Like all Kurosawa films, there are lots of big themes running around in here: loyalty; honor; service vs personal gain; classism; the death knell of the feudal era; state vs self. More so than many of his films, The Hidden Fortress is very much indebted to the John Ford-era of the classic Hollywood Western: look at all of those wide-open vistas, check out how the hidden fortress of the title could almost be an abandoned cliff-dwelling and dig how Toshiro Mifune is just one upturned sneer away from being the perfect synthesis of Eastwood and van Cleef. Seven Samurai may be the one that always gets compared to the classic oaters but The Hidden Fortress definitely deserves to be part of that conversation.

As far as big, memorable set-pieces go, The Hidden Fortress has them and then some: General Makabe’s thrilling pursuit of Yamana soldiers right into the Yamana garrison; his spear fight with the enemy general; the prisoner revolt from the Yamana castle (one of my favorite scenes ever); Princess Yuki rebuffing the two peasants with every branch and tree limb in the forest; Tahei and Matashichi pantomiming bringing the horses to drink; Makabe’s wonderful ruse involving the Yamana and the Akizuki gold…they’re all here, along with another bakers’ dozen of equally memorable moments.

There are also some quieter, more evocative moments that are equally powerful. My two personal favorites would be the part where Princess Yuki decides to buy the Akizuki refugee and the conflict between Makabe and the enemy general. This conflict, in general, illustrates a very important aspect of Kurosawa’s filmmaking: the disparity between doing the honorable thing and doing what it is ordered.

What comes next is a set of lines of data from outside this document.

(* Let $\gamma:(0,T)\to(\mathbb H,0,\infty)$ be $C^3$ with driving function $\lambda$. If $0<LC_\gamma(t)\le A$ for all $t$, then $\lambda$ is $\mathrm{Lip}(1/2)$ with norm bounded above by $\sqrt{2A}$, i.e. $|\lambda(t)-\lambda(s)|\le\sqrt{2A}\sqrt{|t-s|}$ for all $s,t$ in the domain of $\lambda$.
   Context: $\mathbb H$ is the upper half-plane. $\gamma:(0,T)\to(\mathbb H,0,\infty)$ means $\gamma[0,T)$ is a simple curve with $\gamma(0,T)\subset\mathbb H$, $\gamma(0)=0$. The driving function $\lambda$ of $\gamma$: with $\gamma$ parametrized by halfplane capacity, i.e. $g_t:\mathbb H\setminus\gamma(0,t]\to\mathbb H$ conformal with $g_t(z)=z+\frac{2t}{z}+O(1/z^2)$ at $\infty$, $g_t$ solves $\partial_tg_t(z)=2/(g_t(z)-\lambda(t))$, $g_0(z)=z$, with $\lambda(t)=g_t(\gamma(t))$; $\lambda$ is defined on $[0,\tau)$ where $\tau$ is the halfplane capacity of $\gamma$. The Loewner curvature of such a $C^3$ curve is $LC_\gamma(t)=\lambda'(t)^3/\lambda''(t)$ (with $0/0:=0$ and $x/0=\infty$ for $x\neq0$). *)

From Stdlib Require Import Reals.
From Coquelicot Require Import Coquelicot.
Open Scope R_scope.

Definition UHP (z : C) : Prop := 0 < Im z.

Definition holo_at (f : C -> C) (z : C) : Prop :=
  @ex_derive C_AbsRing C_NormedModule f z.

Definition C3_real_on (f : R -> R) (a b : R) : Prop :=
  forall t, a < t < b ->
    (forall k, (k <= 3)%nat -> ex_derive_n f k t) /\
    continuous (Derive_n f 3) t.

Definition C3_curve (T : R) (gamma : R -> C) : Prop :=
  C3_real_on (fun t => Re (gamma t)) 0 T /\ C3_real_on (fun t => Im (gamma t)) 0 T.

(** gamma : (0,T) -> (H,0,oo): gamma[0,T) simple, gamma(0) = 0,
    gamma(0,T) in H, gamma continuous at 0 from the right. *)
Definition curve_in_H (T : R) (gamma : R -> C) : Prop :=
  gamma 0 = 0%C /\
  (forall t, 0 < t < T -> UHP (gamma t)) /\
  (forall s t, 0 <= s < T -> 0 <= t < T -> gamma s = gamma t -> s = t) /\
  filterlim (fun t => Re (gamma t)) (at_right 0) (locally 0) /\
  filterlim (fun t => Im (gamma t)) (at_right 0) (locally 0).

Definition slit_domain (gamma : R -> C) (t : R) (z : C) : Prop :=
  UHP z /\ ~ (exists s, 0 < s <= t /\ gamma s = z).

Definition conformal_onto_H (D : C -> Prop) (g : C -> C) : Prop :=
  (forall z, D z -> holo_at g z) /\
  (forall z w, D z -> D w -> g z = g w -> z = w) /\
  (forall z, D z -> UHP (g z)) /\
  (forall w, UHP w -> exists z, D z /\ g z = w).

Definition hydrodynamic (D : C -> Prop) (g : C -> C) (c : R) : Prop :=
  exists M r0, 0 < r0 /\ forall z, D z -> r0 < Cmod z ->
    Cmod (g z - z - RtoC c / z) <= M / (Cmod z ^ 2).

Definition boundary_value (D : C -> Prop) (g : C -> C) (w : C) (x : R) : Prop :=
  forall eps, 0 < eps -> exists delta, 0 < delta /\
    forall z, D z -> Cmod (z - w) < delta -> Cmod (g z - RtoC x) < eps.

(** lambda : [0,tau) -> R is the driving function of gamma, where tau (possibly
    +oo) is the halfplane capacity of gamma: phi(t) = hcap(gamma(0,t]) is the
    halfplane-capacity reparametrization, g_{phi(t)} : H \ gamma(0,t] -> H is
    the conformal map with g(z) = z + 2 phi(t)/z + O(1/z^2), and
    lambda(phi(t)) = g_{phi(t)}(gamma(t)). *)
Definition driving_function (T : R) (gamma : R -> C) (tau : Rbar) (lambda : R -> R) : Prop :=
  lambda 0 = 0 /\
  exists (phi : R -> R) (g : R -> C -> C),
    phi 0 = 0 /\
    (forall s t, 0 <= s -> s < t -> t < T -> phi s < phi t) /\
    (forall u, (0 <= u /\ Rbar_lt u tau) <-> exists t, 0 <= t < T /\ phi t = u) /\
    (forall t, 0 < t < T ->
       conformal_onto_H (slit_domain gamma t) (g t) /\
       hydrodynamic (slit_domain gamma t) (g t) (2 * phi t) /\
       boundary_value (slit_domain gamma t) (g t) (gamma t) (lambda (phi t))).

(** Loewner curvature LC(t) = lambda'(t)^3 / lambda''(t), with 0/0 := 0 and
    x/0 := oo for x <> 0. *)
Definition LC (lambda : R -> R) (t : R) : Rbar :=
  let d1 := Derive lambda t in
  let d2 := Derive_n lambda 2 t in
  if Req_EM_T d2 0 then (if Req_EM_T d1 0 then Finite 0 else p_infty)
  else Finite (d1 ^ 3 / d2).

(** With [u = lambda'], the Loewner curvature is [u^3 / u'], so
    [(1/u^2)' = -2 u' / u^3 = -2 / LC <= -2 / A]: the positive quantity
    [1/u^2] decreases at rate at least [2/A].  Hence the remaining lifetime
    is bounded, [tau - t <= A / (2 u(t)^2)]; in particular [tau] is finite
    and [|lambda'(t)| <= sqrt (2 A) / (2 sqrt (tau - t))].  Integrating,
    [|lambda t - lambda s| <= sqrt (2 A) (sqrt (tau - s) - sqrt (tau - t))
    <= sqrt (2 A) sqrt (t - s)]; the endpoint [s = 0] follows by right
    continuity of [lambda]. *)

From Stdlib Require Import Reals Lra.
From Coquelicot Require Import Coquelicot.
Open Scope R_scope.

Lemma nondecreasing_of_derive_nonneg (f df : R -> R) (a b : R) :
  a <= b ->
  (forall x, a <= x <= b -> is_derive f x (df x)) ->
  (forall x, a <= x <= b -> 0 <= df x) ->
  f a <= f b.
Proof.
intros Hab Hd Hpos.
destruct (MVT_gen f a b df) as [c [Hc Heq]].
- intros x Hx; apply Hd; unfold Rmin, Rmax in Hx; destruct Rle_dec; lra.
- intros x Hx; apply continuity_pt_filterlim.
  apply (ex_derive_continuous (K := R_AbsRing) (V := R_NormedModule)).
  exists (df x); apply Hd; unfold Rmin, Rmax in Hx; destruct Rle_dec; lra.
- unfold Rmin, Rmax in Hc; destruct Rle_dec; [|lra].
  specialize (Hpos c Hc); nra.
Qed.

Lemma Rabs_sub_le_of_derive (f g df dg : R -> R) (a b : R) :
  a <= b ->
  (forall x, a <= x <= b -> is_derive f x (df x) /\ is_derive g x (dg x)) ->
  (forall x, a <= x <= b -> Rabs (df x) <= dg x) ->
  Rabs (f b - f a) <= g b - g a.
Proof.
intros Hab Hd Hle.
assert (Hminus : g a - f a <= g b - f b).
{ apply (nondecreasing_of_derive_nonneg (fun x => g x - f x)
           (fun x => dg x - df x)); auto.
  - intros x Hx; destruct (Hd x Hx) as [Hf Hg]; exact (is_derive_minus _ _ _ _ _ Hg Hf).
  - intros x Hx; specialize (Hle x Hx); apply Rabs_le_between in Hle; lra. }
assert (Hplus : g a + f a <= g b + f b).
{ apply (nondecreasing_of_derive_nonneg (fun x => g x + f x)
           (fun x => dg x + df x)); auto.
  - intros x Hx; destruct (Hd x Hx) as [Hf Hg]; exact (is_derive_plus _ _ _ _ _ Hg Hf).
  - intros x Hx; specialize (Hle x Hx); apply Rabs_le_between in Hle; lra. }
apply Rabs_le; lra.
Qed.

Lemma sqrt_sub_sqrt_le (x y : R) : 0 <= y <= x -> sqrt x - sqrt y <= sqrt (x - y).
Proof.
intros Hyx.
pose proof (sqrt_pos y); pose proof (sqrt_pos (x - y)).
assert (Hsq : sqrt x <= sqrt (sqrt y * sqrt y + sqrt (x - y) * sqrt (x - y)
                              + 2 * sqrt y * sqrt (x - y))).
{ apply sqrt_le_1_alt; rewrite !sqrt_sqrt by lra; nra. }
replace (sqrt y * sqrt y + sqrt (x - y) * sqrt (x - y) + 2 * sqrt y * sqrt (x - y))
  with ((sqrt y + sqrt (x - y)) * (sqrt y + sqrt (x - y))) in Hsq by ring.
rewrite sqrt_square in Hsq by lra; lra.
Qed.

Lemma holder_half_at_left_endpoint (f : R -> R) (K a t : R) :
  a < t -> 0 <= K ->
  filterlim f (at_right a) (locally (f a)) ->
  (forall s, a < s <= t -> Rabs (f t - f s) <= K * sqrt (t - s)) ->
  Rabs (f t - f a) <= K * sqrt (t - a).
Proof.
intros Hat HK Hlim Hholder.
apply le_epsilon; intros eps Heps.
destruct (proj1 (filterlim_locally f (f a)) Hlim (mkposreal eps Heps)) as [d Hd].
pose proof (cond_pos d) as Hd_pos.
set (s := Rmin (a + d / 2) t).
assert (Hs : a < s <= t) by (unfold s, Rmin; destruct Rle_dec; lra).
assert (Hclose : Rabs (f s - f a) < eps).
{ apply (Hd s); [|lra].
  change (Rabs (s - a) < d); rewrite Rabs_pos_eq by lra.
  unfold s, Rmin; destruct Rle_dec; lra. }
assert (Hsqrt : K * sqrt (t - s) <= K * sqrt (t - a)).
{ apply Rmult_le_compat_l; [lra|]; apply sqrt_le_1_alt; lra. }
pose proof (Hholder s Hs).
pose proof (Rabs_triang (f t - f s) (f s - f a)).
replace (f t - f s + (f s - f a)) with (f t - f a) in * by ring.
lra.
Qed.

Definition bounded_curvature_at (lam : R -> R) (A r : R) : Prop :=
  ex_derive lam r /\ ex_derive (Derive lam) r /\ Derive lam r <> 0 /\
  0 < Derive lam r ^ 3 / Derive (Derive lam) r <= A.

Lemma bounded_curvature_at_LC (lam : R -> R) (A r : R) :
  ex_derive lam r -> ex_derive (Derive lam) r ->
  Rbar_lt 0 (LC lam r) -> Rbar_le (LC lam r) A -> bounded_curvature_at lam A r.
Proof.
intros Hd Hd2; unfold LC; cbv zeta.
change (Derive_n lam 2 r) with (Derive (Derive lam) r).
destruct (Req_EM_T (Derive (Derive lam) r) 0) as [E|E].
- destruct (Req_EM_T (Derive lam r) 0); simpl; lra.
- simpl; intros Hpos Hle; repeat split; auto; try lra.
  intros Z; rewrite Z in Hpos; unfold Rdiv in Hpos; ring_simplify in Hpos; lra.
Qed.

Section CurvatureBound.

Variables (lam : R -> R) (A : R) (tau : Rbar).
Hypothesis A_pos : 0 < A.
Hypothesis curvature_bounds :
  forall r, 0 < r -> Rbar_lt r tau -> bounded_curvature_at lam A r.

Lemma inv_sqr_derive_decreasing (a b : R) :
  0 < a <= b -> Rbar_lt b tau ->
  / Derive lam b ^ 2 + 2 * b / A <= / Derive lam a ^ 2 + 2 * a / A.
Proof.
intros Hab Hb.
assert (Hdom : forall x, a <= x <= b -> Rbar_lt x tau).
{ intros x Hx; apply Rbar_le_lt_trans with b; [simpl; lra | exact Hb]. }
apply Ropp_le_cancel.
apply (nondecreasing_of_derive_nonneg (fun x => - (/ Derive lam x ^ 2 + 2 * x / A))
  (fun x => 2 / (Derive lam x ^ 3 / Derive (Derive lam) x) - 2 / A)); [lra| |].
- intros x Hx.
  destruct (curvature_bounds x ltac:(lra) (Hdom x Hx)) as (_ & Hd & Hu & Hq).
  assert (Hu' : Derive (Derive lam) x <> 0).
  { intros E; rewrite E, Rdiv_0_r in Hq; lra. }
  auto_derive; [repeat split; auto|].
  change (fun y => Derive lam y) with (Derive lam); field; repeat split; auto; lra.
- intros x Hx.
  destruct (curvature_bounds x ltac:(lra) (Hdom x Hx)) as (_ & _ & _ & Hq).
  assert (2 / A <= 2 / (Derive lam x ^ 3 / Derive (Derive lam) x)).
  { apply Rmult_le_compat_l; [lra|]; apply Rinv_le_contravar; lra. }
  lra.
Qed.

Lemma remaining_lifetime_le (r r' : R) :
  0 < r <= r' -> Rbar_lt r' tau -> 2 * (r' - r) <= A / Derive lam r ^ 2.
Proof.
intros Hrr' Hr'.
pose proof (inv_sqr_derive_decreasing r r' Hrr' Hr') as Hdecr.
destruct (curvature_bounds r' ltac:(lra) Hr') as (_ & _ & Hu' & _).
assert (0 < / Derive lam r' ^ 2) by (apply Rinv_0_lt_compat, pow2_gt_0, Hu').
replace (2 * (r' - r)) with (A * (2 * r' / A - 2 * r / A)) by (field; lra).
apply Rmult_le_compat_l; lra.
Qed.

Lemma lifetime_finite (r : R) : 0 < r -> Rbar_lt r tau -> tau <> p_infty.
Proof.
intros Hr Hrtau E.
destruct (curvature_bounds r Hr Hrtau) as (_ & _ & Hu & _).
assert (Hw : 0 < A / Derive lam r ^ 2) by (apply Rdiv_lt_0_compat, pow2_gt_0, Hu; lra).
assert (Hlt : Rbar_lt (r + A / Derive lam r ^ 2) tau) by (rewrite E; exact I).
pose proof (remaining_lifetime_le r (r + A / Derive lam r ^ 2) ltac:(lra) Hlt).
lra.
Qed.

End CurvatureBound.

Section FiniteLifetime.

Variables (lam : R -> R) (A tau : R).
Hypothesis A_pos : 0 < A.
Hypothesis curvature_bounds : forall r, 0 < r < tau -> bounded_curvature_at lam A r.

Lemma derive_sqr_le (r : R) : 0 < r < tau -> Derive lam r ^ 2 <= A / (2 * (tau - r)).
Proof.
intros Hr.
destruct (curvature_bounds r Hr) as (_ & _ & Hu & _).
pose proof (pow2_gt_0 _ Hu) as Hu2.
set (w := A / Derive lam r ^ 2).
assert (Hw : 0 < w) by (apply Rdiv_lt_0_compat; lra).
assert (Hlife : 2 * (tau - r) <= w).
{ apply Rnot_lt_le; intros Hlt.
  pose proof (remaining_lifetime_le lam A tau A_pos
    (fun x Hx Hxt => curvature_bounds x (conj Hx Hxt))
    r (r + (w + 2 * (tau - r)) / 4) ltac:(lra) ltac:(simpl; lra)) as Hgap.
  fold w in Hgap; lra. }
apply (Rle_div_r _ _ (2 * (tau - r))); [lra|].
replace A with (w * Derive lam r ^ 2) by (unfold w; field; lra).
nra.
Qed.

Lemma Rabs_derive_le (x : R) :
  0 < x < tau -> Rabs (Derive lam x) <= sqrt (2 * A) / (2 * sqrt (tau - x)).
Proof.
intros Hx.
assert (Hs : 0 < sqrt (tau - x)) by (apply sqrt_lt_R0; lra).
assert (Hc : 0 < sqrt (2 * A) / (2 * sqrt (tau - x)))
  by (apply Rdiv_lt_0_compat; [apply sqrt_lt_R0|]; lra).
rewrite <- (Rabs_pos_eq _ (Rlt_le _ _ Hc)).
apply Rsqr_le_abs_0.
rewrite Rsqr_div', Rsqr_mult, !Rsqr_sqrt, Rsqr_pow2 by lra.
replace (2 * A / (2² * (tau - x))) with (A / (2 * (tau - x))) by (unfold Rsqr; field; lra).
now apply derive_sqr_le.
Qed.

Lemma holder_half_interior (s t : R) :
  0 < s <= t -> t < tau ->
  Rabs (lam t - lam s) <= sqrt (2 * A) * sqrt (t - s).
Proof.
intros Hst Ht.
set (K := sqrt (2 * A)).
assert (HK : 0 <= K) by apply sqrt_pos.
assert (Hinc : Rabs (lam t - lam s)
               <= - K * sqrt (tau - t) - - K * sqrt (tau - s)).
{ apply (Rabs_sub_le_of_derive lam (fun x => - K * sqrt (tau - x))
           (Derive lam) (fun x => K / (2 * sqrt (tau - x)))); [lra| |].
  - intros x Hx.
    destruct (curvature_bounds x ltac:(lra)) as (Hd & _).
    assert (0 < sqrt (tau - x)) by (apply sqrt_lt_R0; lra).
    split; [now apply Derive_correct|].
    auto_derive; [lra|]; replace (tau + - x) with (tau - x) by ring; field; lra.
  - intros x Hx; apply Rabs_derive_le; lra. }
pose proof (sqrt_sub_sqrt_le (tau - s) (tau - t) ltac:(lra)).
replace (tau - s - (tau - t)) with (t - s) in * by ring.
assert (K * (sqrt (tau - s) - sqrt (tau - t)) <= K * sqrt (t - s))
  by (apply Rmult_le_compat_l; lra).
lra.
Qed.

End FiniteLifetime.

Lemma holder_half_of_bounded_curvature (lam : R -> R) (A : R) (tau : Rbar) (s t : R) :
  filterlim lam (at_right 0) (locally (lam 0)) ->
  (forall r, 0 < r -> Rbar_lt r tau -> bounded_curvature_at lam A r) ->
  0 <= s < t -> Rbar_lt t tau ->
  Rabs (lam t - lam s) <= sqrt (2 * A) * sqrt (t - s).
Proof.
intros Hright Hcurv Hst Ht.
destruct (Hcurv t ltac:(lra) Ht) as (_ & _ & _ & Hq).
assert (HA : 0 < A) by lra.
pose proof (lifetime_finite lam A tau HA Hcurv t ltac:(lra) Ht) as Hfin.
destruct tau as [tau0| |]; [|easy|easy].
pose proof (holder_half_interior lam A tau0 HA
              (fun r Hr => Hcurv r (proj1 Hr) (proj2 Hr))) as Hholder.
destruct (Rle_lt_or_eq_dec 0 s (proj1 Hst)) as [Hs|<-].
- apply Hholder; simpl in *; lra.
- apply holder_half_at_left_endpoint; [lra|apply sqrt_pos|exact Hright|].
  intros s' Hs'; apply Hholder; simpl in *; lra.
Qed.

Theorem lemma4p5 (T : R) (gamma : R -> C) (tau : Rbar) (lambda : R -> R) (A : R) :
  0 < T ->
  curve_in_H T gamma ->
  C3_curve T gamma ->
  driving_function T gamma tau lambda ->
  (* regularity of the driving function of a C^3 curve (presupposed by LC) *)
  filterlim lambda (at_right 0) (locally (lambda 0)) ->
  (forall t, 0 < t -> Rbar_lt t tau -> continuity_pt lambda t) ->
  (forall t, 0 < t -> Rbar_lt t tau ->
     ex_derive lambda t /\ ex_derive (Derive lambda) t) ->
  (forall t, 0 < t -> Rbar_lt t tau ->
     Rbar_lt 0 (LC lambda t) /\ Rbar_le (LC lambda t) A) ->
  forall s t, 0 <= s -> Rbar_lt s tau -> 0 <= t -> Rbar_lt t tau ->
    Rabs (lambda t - lambda s) <= sqrt (2 * A) * sqrt (Rabs (t - s)).
Proof.
intros _ _ _ _ Hright _ Hderiv HLC s t Hs Hst Ht Htt.
assert (Hcurv : forall r, 0 < r -> Rbar_lt r tau -> bounded_curvature_at lambda A r).
{ intros r Hr Hrt; destruct (Hderiv r Hr Hrt), (HLC r Hr Hrt).
  now apply bounded_curvature_at_LC. }
destruct (Rtotal_order s t) as [Hlt|[<-|Hgt]].
- rewrite (Rabs_pos_eq (t - s)) by lra.
  now apply (holder_half_of_bounded_curvature lambda A tau).
- rewrite !Rminus_diag, Rabs_R0, sqrt_0, Rmult_0_r; lra.
- rewrite Rabs_minus_sym, (Rabs_minus_sym t s), (Rabs_pos_eq (s - t)) by lra.
  now apply (holder_half_of_bounded_curvature lambda A tau).
Qed.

Despite being on opposite sides of the battle, the generals have nothing but respect for each other and their abilities: this marks a nice change of pace from the usual good guy/bad guy dynamic. I would also be remiss if I didn’t mention the Fire Festival segment, featuring one of the single most haunting songs I’ve ever heard. This part is beautiful, a bracing reminder that very few filmmakers could compose a shot and set the atmosphere in quite the way that Kurosawa could.

As an added bonus, the Criterion Edition of The Hidden Fortress features a short but worthwhile interview with George Lucas, wherein he explains the importance of Kurosawa, in general, and The Hidden Fortress, in specific, on his career. I’ve never been the biggest Lucas fan, to be honest, finding the gentleman to be somewhat of a pretentious twit. The interview is quite down-to-earth and informative, however, and I found myself warming to Lucas by the end. I still don’t really care for the guy but it’s hard to dislike someone who appears to enjoy Kurosawa films as much as I do.

And, yes, it’s true: when I squint my eyes, Tahei and Matashichi do kind of look like C-3PO and R2-D2.